Your goal
Copy out word for word the line with "- apply block_agrees." and the lines that follow it in the listing below, up to the final one.

Supplied information
..............................

(* Let $s$ be a Sturmian word of type $a$ having a factorization $s=U_1U_2\cdots U_n\cdots$ where each $U_i$ ($i\ge1$) is a non-empty prefix of $s$ and $r_s(U_i)=r_s(U_j)$ for all $i,j\ge1$. Then at least one of the following holds: (i) every $U_i$, $i\ge1$, ends in the letter $a$; (ii) for every $i\ge1$, $U_ia$ is a prefix of $s$.
   Context: A Sturmian word is an infinite word $s\in\{a,b\}^{\omega}$ that is aperiodic (not ultimately periodic) and balanced: for all factors $u,v$ of $s$ with $|u|=|v|$ one has $||u|_x-|v|_x|\le 1$ for $x\in\{a,b\}$, where $|u|_x$ is the number of occurrences of $x$ in $u$. A Sturmian word contains exactly one of the factors $aa$, $bb$; it is of type $a$ if it does not contain the factor $bb$ (and of type $b$ if it does not contain $aa$). A non-empty factor $w$ of $s$ is rich in the letter $z\in\{a,b\}$ if there is a factor $v$ of $s$ with $|v|=|w|$ and $|w|_z>|v|_z$; every non-empty factor of a Sturmian word is rich in exactly one letter, and $r_s(w)\in\{a,b\}$ denotes that letter. *)

From Stdlib Require Import Arith List Lia ClassicalEpsilon.
Import ListNotations.

Inductive letter : Type := a | b.

Definition letter_eqb (x y : letter) : bool :=
  match x, y with a, a => true | b, b => true | _, _ => false end.

Definition word := nat -> letter.

Definition fac (s : word) (i n : nat) : list letter := map (fun k => s (i + k)) (seq 0 n).

Definition is_factor (s : word) (w : list letter) : Prop := exists i, w = fac s i (length w).

Definition is_prefix (s : word) (w : list letter) : Prop := w = fac s 0 (length w).

Definition cnt (x : letter) (w : list letter) : nat := length (filter (letter_eqb x) w).

Definition ult_periodic (s : word) : Prop :=
  exists p N, 0 < p /\ forall n, N <= n -> s (n + p) = s n.

Definition balanced (s : word) : Prop :=
  forall u v, is_factor s u -> is_factor s v -> length u = length v ->
    forall x, cnt x u <= cnt x v + 1 /\ cnt x v <= cnt x u + 1.

Definition sturmian (s : word) : Prop := ~ ult_periodic s /\ balanced s.

Definition type_a (s : word) : Prop := ~ is_factor s [b; b].

Definition rich (s : word) (z : letter) (w : list letter) : Prop :=
  w <> [] /\ is_factor s w /\
  exists v, is_factor s v /\ length v = length w /\ cnt z v < cnt z w.

(* r_s(w): the letter in which w is rich (exactly one for Sturmian s, nonempty factor w) *)
Definition r_s (s : word) (w : list letter) : letter :=
  if excluded_middle_informative (rich s a w) then a else b.

Fixpoint upos (U : nat -> list letter) (k : nat) : nat :=
  match k with 0 => 0 | S k' => upos U k' + length (U k') end.

Definition factorization (s : word) (U : nat -> list letter) : Prop :=
  forall k, U k <> [] /\ U k = fac s (upos U k) (length (U k)).

From Stdlib Require Import List Arith Lia ClassicalEpsilon.
Import ListNotations.

(* Since every block U_k is a prefix of s, every block starts
   with the letter s(0), and the block boundaries are positions where s
   "restarts".
   - If s(0) = b, each block is followed by a block starting with b; as s has
     no factor bb, each block ends with a  (alternative (i)).
   - If s(0) = a, suppose some block U_j of length n is followed in s by b,
     i.e. s(n) = b.  Then s[1..n] has one a fewer than s[0..n-1] = U_j, so
     U_j is rich in a, hence (r_s being constant) every block is rich in a.
     By balance a block rich in a has the maximal number of a's among factors
     of its length, and a maximal factor w at position P forces
     s[P+|w|..] >= s[P..] lexicographically (with a < b).  Chaining over the
     blocks gives s[upos j..] >= s, contradicted by s[upos j..] agreeing with
     s on n letters and then reading a where s reads b  (alternative (ii)). *)

Lemma map_seq_shift (A : Type) (m : nat) : forall n (f : nat -> A),
  map f (seq n m) = map (fun k => f (n + k)) (seq 0 m).
Proof.
  induction m as [|m IH]; intros n f; simpl; [reflexivity|].
  rewrite Nat.add_0_r. f_equal.
  rewrite (IH (S n) f), (IH 1 (fun k => f (n + k))).
  apply map_ext. intros k. f_equal. lia.
Qed.

Lemma fac_length s i n : length (fac s i n) = n.
Proof. unfold fac. rewrite length_map, length_seq. reflexivity. Qed.

Lemma fac_add s i n m : fac s i (n + m) = fac s i n ++ fac s (i + n) m.
Proof.
  unfold fac. rewrite seq_app, map_app. f_equal. simpl.
  rewrite map_seq_shift. apply map_ext. intros k. f_equal. lia.
Qed.

Lemma fac_snoc s i n : fac s i (S n) = fac s i n ++ [s (i + n)].
Proof.
  rewrite <- Nat.add_1_r, fac_add. unfold fac at 2. simpl. rewrite Nat.add_0_r. reflexivity.
Qed.

Lemma fac_nth s i n e : e < n -> nth e (fac s i n) a = s (i + e).
Proof.
  intros He. unfold fac.
  rewrite (nth_indep _ a (s (i + 0))) by (rewrite length_map, length_seq; exact He).
  rewrite (map_nth (fun k => s (i + k))), seq_nth by exact He. reflexivity.
Qed.

Lemma fac_agree s p q d :
  (forall e, e < d -> s (p + e) = s (q + e)) -> fac s p d = fac s q d.
Proof.
  intros H. unfold fac. apply map_ext_in. intros k Hk. apply in_seq in Hk. apply H. lia.
Qed.

Lemma fac_is_factor s i n : is_factor s (fac s i n).
Proof. exists i. rewrite fac_length. reflexivity. Qed.

Lemma prefix_snoc s w : is_prefix s w -> is_prefix s (w ++ [s (length w)]).
Proof.
  unfold is_prefix. intros Hw. rewrite length_app, Nat.add_1_r, fac_snoc, <- Hw.
  reflexivity.
Qed.

Lemma cnt_app x l1 l2 : cnt x (l1 ++ l2) = cnt x l1 + cnt x l2.
Proof. unfold cnt. rewrite filter_app, length_app. reflexivity. Qed.

Definition acount (s : word) (i n : nat) : nat := cnt a (fac s i n).

Lemma acount_add s i n m : acount s i (n + m) = acount s i n + acount s (i + n) m.
Proof. unfold acount. rewrite fac_add, cnt_app. reflexivity. Qed.

Lemma acount_one s i : acount s i 1 = if s i then 1 else 0.
Proof. unfold acount, fac. simpl. rewrite Nat.add_0_r. destruct (s i); reflexivity. Qed.

Lemma acount_shift s i n :
  acount s i n + (if s (i + n) then 1 else 0) = (if s i then 1 else 0) + acount s (S i) n.
Proof.
  rewrite <- (acount_one s (i + n)), <- (acount_one s i), <- acount_add.
  replace (S i) with (i + 1) by lia. rewrite <- acount_add. f_equal. lia.
Qed.

Definition lex_lt (t u : word) : Prop :=
  exists d, (forall e, e < d -> t e = u e) /\ t d = a /\ u d = b.

Lemma letter_dec (x y : letter) : {x = y} + {x <> y}.
Proof. decide equality. Defined.

Lemma first_diff (t u : word) d :
  (forall e, e <= d -> t e = u e) \/
  exists e, e <= d /\ (forall e', e' < e -> t e' = u e') /\ t e <> u e.
Proof.
  induction d as [|d IH].
  - destruct (letter_dec (t 0) (u 0)) as [E|E].
    + left. intros e He. replace e with 0 by lia. exact E.
    + right. exists 0. repeat split; [lia|intros; lia|exact E].
  - destruct IH as [H|[e [He [H1 H2]]]].
    + destruct (letter_dec (t (S d)) (u (S d))) as [E|E].
      * left. intros e He. destruct (Nat.eq_dec e (S d)) as [->|Hn]; [exact E|apply H; lia].
      * right. exists (S d). repeat split; [lia|intros; apply H; lia|exact E].
    + right. exists e. split; [lia|auto].
Qed.

Lemma lex_lt_split (t u w : word) : lex_lt t u -> lex_lt t w \/ lex_lt w u.
Proof.
  intros [d [Hag [Ht Hu]]].
  destruct (first_diff w u d) as [H|[e [He [Hb Hne]]]].
  - left. exists d. split; [intros e He; rewrite Hag, H by lia; reflexivity|].
    split; [exact Ht|rewrite H by lia; exact Hu].
  - destruct (w e) eqn:Ew, (u e) eqn:Eu; try congruence.
    + right. exists e. auto.
    + assert (e < d) by (destruct (Nat.eq_dec e d); [subst; congruence|lia]).
      left. exists e. split.
      * intros e' He'. rewrite Hag, Hb by lia. reflexivity.
      * split; [rewrite Hag by lia; exact Eu|exact Ew].
Qed.

Lemma r_s_a s w : r_s s w = a <-> rich s a w.
Proof.
  unfold r_s. destruct (excluded_middle_informative (rich s a w)); split;
    (discriminate || tauto).
Qed.

Lemma rich_a_maximal s P n :
  balanced s -> rich s a (fac s P n) -> forall i, acount s i n <= acount s P n.
Proof.
  intros Hbal [_ [_ [v [Hv [Hlv Hlt]]]]] i.
  rewrite fac_length in Hlv.
  destruct (Hbal (fac s i n) v (fac_is_factor s i n) Hv) with (x := a) as [Hle _].
  { rewrite fac_length. symmetry. exact Hlv. }
  unfold acount. lia.
Qed.

(* If the factor of length n at P has the maximal number of a's, then the
   suffix starting right after it is not lexicographically smaller than the
   suffix starting at P: otherwise the window at the first difference d
   (shifted by d+1) would carry one more a. *)
Lemma maximal_factor_suffix s P n :
  (forall i, acount s i n <= acount s P n) ->
  ~ lex_lt (fun e => s (P + n + e)) (fun e => s (P + e)).
Proof.
  intros Hmax [d [Hag [Ha Hb]]].
  assert (Hswap : acount s P (n + (d + 1)) = acount s P ((d + 1) + n)) by (f_equal; lia).
  rewrite !acount_add, !acount_one, Ha, Hb in Hswap.
  assert (Hsame : acount s (P + n) d = acount s P d) by (apply (f_equal (cnt a)), fac_agree, Hag).
  pose proof (Hmax (P + (d + 1))). lia.
Qed.

(* A prefix starting with a and followed by b is rich in a:
   shifting it by one position loses an a. *)
Lemma prefix_before_b_rich s n :
  0 < n -> s 0 = a -> s n = b -> rich s a (fac s 0 n).
Proof.
  intros Hn H0 Hb. split; [|split].
  - intros E. apply (f_equal (@length letter)) in E. rewrite fac_length in E. simpl in E. lia.
  - apply fac_is_factor.
  - exists (fac s 1 n). split; [apply fac_is_factor|]. split; [rewrite !fac_length; reflexivity|].
    pose proof (acount_shift s 0 n) as E. simpl in E. rewrite H0, Hb in E.
    unfold acount in E. lia.
Qed.

Section PrefixFactorization.

Variable s : word.
Variable U : nat -> list letter.
Hypothesis Hfac : factorization s U.
Hypothesis Hpre : forall i, is_prefix s (U i).

Lemma block_nonempty k : 0 < length (U k).
Proof. destruct (Hfac k) as [Hne _]. destruct (U k); simpl; [congruence|lia]. Qed.

Lemma block_fac k : U k = fac s (upos U k) (length (U k)).
Proof. exact (proj2 (Hfac k)). Qed.

Lemma block_agrees k e : e < length (U k) -> s (upos U k + e) = s e.
Proof.
  intros He.
  rewrite <- fac_nth with (n := length (U k)), <- block_fac by exact He.
  rewrite (Hpre k), fac_nth by exact He. reflexivity.
Qed.

Lemma block_start k : s (upos U k) = s 0.
Proof. rewrite <- (Nat.add_0_r (upos U k)). apply block_agrees, block_nonempty. Qed.

(* Case s(0) = b: each block is followed by a b, so, without bb, ends in a. *)
Lemma blocks_end_in_a :
  type_a s -> s 0 = b -> forall i, last (U i) a = a.
Proof.
  intros Hta H0 i.
  pose proof (block_nonempty i) as Hl.
  rewrite block_fac. destruct (length (U i)) as [|m] eqn:Em; [lia|].
  rewrite fac_snoc, last_last.
  destruct (s (upos U i + m)) eqn:Es; [reflexivity|exfalso].
  apply Hta. exists (upos U i + m). unfold fac. simpl. rewrite Nat.add_0_r, Es.
  replace (upos U i + m + 1) with (upos U (S i)) by (simpl; lia).
  rewrite block_start, H0. reflexivity.
Qed.

Lemma rich_blocks_suffix :
  balanced s -> (forall k, rich s a (U k)) ->
  forall k, ~ lex_lt (fun e => s (upos U k + e)) s.
Proof.
  intros Hbal Hrich. induction k as [|k IHk].
  - intros [d [_ [H1 H2]]]. simpl in H1. congruence.
  - intros Hlt.
    destruct (lex_lt_split _ _ (fun e => s (upos U k + e)) Hlt) as [Hstep|Hprev].
    + apply (maximal_factor_suffix s (upos U k) (length (U k))); [|exact Hstep].
      apply rich_a_maximal; [exact Hbal|]. rewrite <- block_fac. apply Hrich.
    + exact (IHk Hprev).
Qed.

Lemma blocks_followed_by_a :
  balanced s -> (forall i j, r_s s (U i) = r_s s (U j)) -> s 0 = a ->
  forall j, s (length (U j)) = a.
Proof.
  intros Hbal Hr H0 j.
  destruct (s (length (U j))) eqn:Eb; [reflexivity|exfalso].
  assert (Hrich : forall k, rich s a (U k)).
  { intros k. apply r_s_a. rewrite (Hr k j). apply r_s_a. rewrite (Hpre j).
    apply prefix_before_b_rich; auto using block_nonempty. }
  apply (rich_blocks_suffix Hbal Hrich j). exists (length (U j)). repeat split.
  - apply block_agrees.
  - change (s (upos U (S j)) = a). rewrite block_start. exact H0.
  - exact Eb.
Qed.

End PrefixFactorization.

(* The paper's U_1, U_2, ... are U 0, U 1, ... here. *)
Theorem mainTheorem5 (s : word) (U : nat -> list letter) :
  sturmian s -> type_a s ->
  factorization s U ->
  (forall i, is_prefix s (U i)) ->
  (forall i j, r_s s (U i) = r_s s (U j)) ->
  (forall i, last (U i) a = a) \/ (forall i, is_prefix s (U i ++ [a])).
Proof.
  intros [_ Hbal] Hta Hfac Hpre Hr.
  destruct (s 0) eqn:H0.
  - right. intros i. rewrite <- (blocks_followed_by_a s U Hfac Hpre Hbal Hr H0 i).
    apply prefix_snoc, Hpre.
  - left. exact (blocks_end_in_a s U Hfac Hpre Hta H0).
Qed.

..............................

Answer box
  - apply block_agrees.
  - change (s (upos U (S j)) = a). rewrite block_start. exact H0.
  - exact Eb.
Qed.

End PrefixFactorization.

(* The paper's U_1, U_2, ... are U 0, U 1, ... here. *)
Theorem mainTheorem5 (s : word) (U : nat -> list letter) :
  sturmian s -> type_a s ->
  factorization s U ->
  (forall i, is_prefix s (U i)) ->
  (forall i j, r_s s (U i) = r_s s (U j)) ->
  (forall i, last (U i) a = a) \/ (forall i, is_prefix s (U i ++ [a])).
Proof.
  intros [_ Hbal] Hta Hfac Hpre Hr.
  destruct (s 0) eqn:H0.
  - right. intros i. rewrite <- (blocks_followed_by_a s U Hfac Hpre Hbal Hr H0 i).
    apply prefix_snoc, Hpre.
  - left. exact (blocks_end_in_a s U Hfac Hpre Hta H0).
Qed.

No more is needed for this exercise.